> EXERCISE BRIEF
All lines from the one containing "From Stdlib Require Import" through the end of the data below must be reproduced exactly, and no others.

> RECORDS SUPPLIED

(* Let $f\in\mathbb R[x_1,\ldots,x_d]$ be a convenient non-degenerate weighted homogeneous polynomial and let $\delta_i$ be the exponent of the pure monomial $x_i^{\delta_i}$ of $f$. Let $B_f(T)=\frac{(\mathbb L-\mathbb 1)^d}{\mathbb 1-T}\sum_{\tau\in\Gamma_f^c}S_{\sigma(\tau)}(T)$. Then, in $\widehat{\mathcal M}[[T]]$, $$B_f(T)-\frac{T}{\mathbb 1-T}=-\sum_{m\ge1}\mathbb L^{-\sum_{i=1}^d\lfloor m/\delta_i\rfloor}T^m.$$
   Context: $\mathcal{AS}$-sets: semialgebraic $S\subset\mathbb P^n_{\mathbb R}$ such that for every real analytic arc $\gamma:(-1,1)\to\mathbb P^n_{\mathbb R}$ with $\gamma((-1,0))\subset S$ there is $\varepsilon>0$ with $\gamma((0,\varepsilon))\subset S$. $K_0(\mathcal{AS})$ is their Grothendieck ring (scissor relations, bijections with $\mathcal{AS}$ graph, cartesian product). For $n\ge1$, $K_0(\mathcal{AS}^n_{\mathrm{mon}})$ is the Grothendieck group of symbols $[\varphi_X:\mathbb R^*\circlearrowright X\to\mathbb R^*]$ ($X$ an $\mathcal{AS}$-set with $\mathbb R^*$-action and $\varphi_X$ both with $\mathcal{AS}$ graphs, $\varphi_X(\lambda x)=\lambda^n\varphi_X(x)$), modulo equivariant $\mathcal{AS}$-bijections over $\mathbb R^*$, scissor relations for invariant closed $\mathcal{AS}$-subsets, and independence of the choice of lifting of the action to $Y\times\mathbb R^m$ for symbols $\varphi_Y\circ\operatorname{pr}_Y$; product is fiber product over $\mathbb R^*$; $K_0(\mathcal{AS})$ acts by $[A]\cdot[\varphi_X]=[\varphi_X\circ\operatorname{pr}_X:A\times X\to\mathbb R^*]$ (trivial action on $A$). $K_0(\mathcal{AS}_{\mathrm{mon}})=\varinjlim_n K_0(\mathcal{AS}^n_{\mathrm{mon}})$ (for $n=km$, a level-$m$ action $\lambda\cdot x$ becomes $\lambda^k\cdot x$). $\mathbb 1=[\mathrm{id}:\mathbb R^*\to\mathbb R^*]$ with $\lambda\cdot r=\lambda r$, $\mathbb L=[\mathbb R]\cdot\mathbb 1$, $\mathcal M=K_0(\mathcal{AS}_{\mathrm{mon}})[\mathbb L^{-1}]$, and $\widehat{\mathcal M}$ is the completion of $\mathcal M$ with respect to the filtration $\mathcal F^m\mathcal M$ spanned by $[S]\mathbb L^{-i}$ with $i-\dim S\ge m$. For $f=\sum c_\nu x^\nu$: $\Gamma_f=\operatorname{Conv}(\bigcup_{c_\nu\neq0}(\nu+\mathbb R^d_{\ge0}))$ is the Newton polyhedron, $\Gamma_f^c$ its set of compact faces, $f_\tau=\sum_{\nu\in\tau}c_\nu x^\nu$, $m(k)=\inf\{k\cdot x:x\in\Gamma_f\}$, $\sigma(\tau)=\{k\in\mathbb R^d_{\ge0}:\{x\in\Gamma_f:k\cdot x=m(k)\}=\tau\}$, $S_{\sigma(\tau)}(T)=\sum_{k\in\sigma(\tau)\cap\mathbb N^d}\mathbb L^{-|k|}T^{m(k)}$, $|k|=\sum_ik_i$. $f$ is convenient if each $x_i^{\delta_i}$ ($\delta_i\ge1$) appears in $f$; non-degenerate if for every $\tau\in\Gamma_f^c$ the partials of $f_\tau$ have no common zero in $(\mathbb R^* )^d$; weighted homogeneous if $f(\lambda^{w_1}x_1,\ldots,\lambda^{w_d}x_d)=\lambda^wf(x)$ for some $w_i,w\in\mathbb N_{>0}$ and all $\lambda\in\mathbb R$. *)

From HB Require Import structures.
From mathcomp Require Import all_boot all_order all_algebra.
From mathcomp Require Import mpoly.
From mathcomp Require Import reals.
From Stdlib Require Import ClassicalDescription ClassicalEpsilon.
From Stdlib Require List.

> RESPONSE FOR THIS EXERCISE
From Stdlib Require Import ClassicalDescription ClassicalEpsilon.
From Stdlib Require List.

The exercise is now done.